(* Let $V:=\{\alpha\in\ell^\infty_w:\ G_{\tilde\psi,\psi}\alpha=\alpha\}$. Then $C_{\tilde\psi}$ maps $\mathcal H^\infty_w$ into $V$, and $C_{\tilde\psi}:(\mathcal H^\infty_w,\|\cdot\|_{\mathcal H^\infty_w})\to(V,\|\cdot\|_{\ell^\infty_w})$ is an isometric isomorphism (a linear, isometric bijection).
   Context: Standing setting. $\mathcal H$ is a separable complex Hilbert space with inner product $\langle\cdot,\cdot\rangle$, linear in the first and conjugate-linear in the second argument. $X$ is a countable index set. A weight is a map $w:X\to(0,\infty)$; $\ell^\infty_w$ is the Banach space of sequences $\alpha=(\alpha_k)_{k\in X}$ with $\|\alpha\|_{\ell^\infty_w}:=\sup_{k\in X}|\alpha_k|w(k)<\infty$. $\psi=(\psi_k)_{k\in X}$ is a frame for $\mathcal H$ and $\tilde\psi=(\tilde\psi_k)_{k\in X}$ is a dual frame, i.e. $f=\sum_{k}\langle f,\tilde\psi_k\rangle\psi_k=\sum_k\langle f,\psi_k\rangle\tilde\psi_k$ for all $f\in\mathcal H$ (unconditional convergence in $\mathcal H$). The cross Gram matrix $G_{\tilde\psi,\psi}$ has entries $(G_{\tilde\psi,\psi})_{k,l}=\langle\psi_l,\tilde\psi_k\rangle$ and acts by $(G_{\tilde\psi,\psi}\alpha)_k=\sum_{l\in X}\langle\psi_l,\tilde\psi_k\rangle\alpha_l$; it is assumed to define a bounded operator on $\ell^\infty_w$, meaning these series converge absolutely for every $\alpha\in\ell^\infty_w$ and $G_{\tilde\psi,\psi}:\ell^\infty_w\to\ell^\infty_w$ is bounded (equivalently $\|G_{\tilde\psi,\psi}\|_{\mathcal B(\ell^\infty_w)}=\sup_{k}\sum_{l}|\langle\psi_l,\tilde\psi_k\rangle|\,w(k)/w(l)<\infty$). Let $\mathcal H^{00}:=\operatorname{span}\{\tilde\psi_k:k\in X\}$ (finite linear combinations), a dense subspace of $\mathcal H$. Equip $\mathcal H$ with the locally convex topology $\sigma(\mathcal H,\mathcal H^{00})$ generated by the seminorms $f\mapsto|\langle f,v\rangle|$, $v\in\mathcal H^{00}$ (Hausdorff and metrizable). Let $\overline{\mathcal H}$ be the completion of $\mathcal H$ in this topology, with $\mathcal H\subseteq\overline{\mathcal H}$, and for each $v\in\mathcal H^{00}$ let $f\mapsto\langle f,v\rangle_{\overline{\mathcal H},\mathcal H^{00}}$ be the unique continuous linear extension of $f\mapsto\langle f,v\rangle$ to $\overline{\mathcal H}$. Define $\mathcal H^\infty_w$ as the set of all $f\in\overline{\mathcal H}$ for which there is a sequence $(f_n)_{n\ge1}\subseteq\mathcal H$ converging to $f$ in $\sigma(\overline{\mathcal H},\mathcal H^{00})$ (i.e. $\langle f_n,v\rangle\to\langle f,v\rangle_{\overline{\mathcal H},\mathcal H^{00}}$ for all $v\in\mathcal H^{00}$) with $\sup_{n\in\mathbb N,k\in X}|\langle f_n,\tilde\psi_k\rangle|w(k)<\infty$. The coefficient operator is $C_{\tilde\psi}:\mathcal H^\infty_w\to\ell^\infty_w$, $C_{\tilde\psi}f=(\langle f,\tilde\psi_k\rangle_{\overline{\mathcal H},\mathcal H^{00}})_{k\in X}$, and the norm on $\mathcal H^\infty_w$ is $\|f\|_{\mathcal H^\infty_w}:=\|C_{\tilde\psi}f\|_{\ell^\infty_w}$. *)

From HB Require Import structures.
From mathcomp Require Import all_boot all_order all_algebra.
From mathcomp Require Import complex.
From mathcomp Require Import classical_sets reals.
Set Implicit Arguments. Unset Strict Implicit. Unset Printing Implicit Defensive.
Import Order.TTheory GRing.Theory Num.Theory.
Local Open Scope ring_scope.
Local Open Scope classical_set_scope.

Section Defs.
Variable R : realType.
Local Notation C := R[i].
==
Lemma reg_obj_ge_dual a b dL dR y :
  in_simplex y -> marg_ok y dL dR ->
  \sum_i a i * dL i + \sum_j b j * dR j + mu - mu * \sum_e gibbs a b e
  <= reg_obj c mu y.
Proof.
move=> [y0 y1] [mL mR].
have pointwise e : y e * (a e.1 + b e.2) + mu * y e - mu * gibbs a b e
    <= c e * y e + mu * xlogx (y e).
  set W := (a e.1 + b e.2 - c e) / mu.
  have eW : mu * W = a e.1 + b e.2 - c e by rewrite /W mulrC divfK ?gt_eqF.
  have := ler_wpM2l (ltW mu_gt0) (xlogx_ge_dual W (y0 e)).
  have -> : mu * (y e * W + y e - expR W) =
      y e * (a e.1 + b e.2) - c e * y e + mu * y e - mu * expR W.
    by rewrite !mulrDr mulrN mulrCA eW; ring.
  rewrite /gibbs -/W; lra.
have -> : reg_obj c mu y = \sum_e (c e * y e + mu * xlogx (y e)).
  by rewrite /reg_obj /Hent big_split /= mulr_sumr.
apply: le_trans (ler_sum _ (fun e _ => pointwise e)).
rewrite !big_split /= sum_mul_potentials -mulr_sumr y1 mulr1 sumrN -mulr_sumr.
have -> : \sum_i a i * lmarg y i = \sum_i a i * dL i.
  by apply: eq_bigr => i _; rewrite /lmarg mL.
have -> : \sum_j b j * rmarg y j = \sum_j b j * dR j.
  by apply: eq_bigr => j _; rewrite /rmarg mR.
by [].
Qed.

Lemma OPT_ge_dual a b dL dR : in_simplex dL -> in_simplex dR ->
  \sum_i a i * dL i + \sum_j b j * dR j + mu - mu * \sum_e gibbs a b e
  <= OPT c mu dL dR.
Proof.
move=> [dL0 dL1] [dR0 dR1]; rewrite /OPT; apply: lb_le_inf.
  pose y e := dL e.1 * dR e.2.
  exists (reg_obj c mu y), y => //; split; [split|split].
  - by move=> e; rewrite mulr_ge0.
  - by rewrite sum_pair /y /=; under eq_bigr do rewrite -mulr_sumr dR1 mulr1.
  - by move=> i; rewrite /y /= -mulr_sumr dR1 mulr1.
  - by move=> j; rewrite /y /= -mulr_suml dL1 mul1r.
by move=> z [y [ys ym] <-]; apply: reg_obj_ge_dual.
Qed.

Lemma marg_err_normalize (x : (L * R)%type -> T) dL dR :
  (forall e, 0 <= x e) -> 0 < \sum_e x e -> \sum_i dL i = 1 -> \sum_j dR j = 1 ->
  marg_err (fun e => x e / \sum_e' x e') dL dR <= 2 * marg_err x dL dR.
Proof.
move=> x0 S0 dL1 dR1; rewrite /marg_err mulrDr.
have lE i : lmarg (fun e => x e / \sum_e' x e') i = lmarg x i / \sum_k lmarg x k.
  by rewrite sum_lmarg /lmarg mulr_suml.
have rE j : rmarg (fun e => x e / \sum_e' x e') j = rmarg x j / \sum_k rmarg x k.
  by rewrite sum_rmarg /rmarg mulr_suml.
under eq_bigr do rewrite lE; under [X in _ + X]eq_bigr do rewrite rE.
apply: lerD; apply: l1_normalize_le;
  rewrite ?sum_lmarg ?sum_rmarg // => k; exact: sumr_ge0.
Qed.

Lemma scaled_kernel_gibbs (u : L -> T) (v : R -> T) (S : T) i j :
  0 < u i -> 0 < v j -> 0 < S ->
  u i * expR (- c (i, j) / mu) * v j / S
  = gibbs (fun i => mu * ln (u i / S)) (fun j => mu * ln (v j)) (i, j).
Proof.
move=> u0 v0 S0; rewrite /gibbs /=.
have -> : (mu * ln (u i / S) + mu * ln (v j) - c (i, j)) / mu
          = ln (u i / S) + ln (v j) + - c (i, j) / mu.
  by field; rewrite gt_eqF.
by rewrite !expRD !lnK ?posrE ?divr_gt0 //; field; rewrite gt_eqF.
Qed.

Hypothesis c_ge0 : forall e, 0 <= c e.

YOUR TASK => Return only the part of the records above that opens with the line containing "From mathcomp Require Import classical_sets" and closes with the line containing "Local Notation C := R[i].", ends included.

RESULT OF THE TASK =>
From mathcomp Require Import classical_sets reals.
Set Implicit Arguments. Unset Strict Implicit. Unset Printing Implicit Defensive.
Import Order.TTheory GRing.Theory Num.Theory.
Local Open Scope ring_scope.
Local Open Scope classical_set_scope.

Section Defs.
Variable R : realType.
Local Notation C := R[i].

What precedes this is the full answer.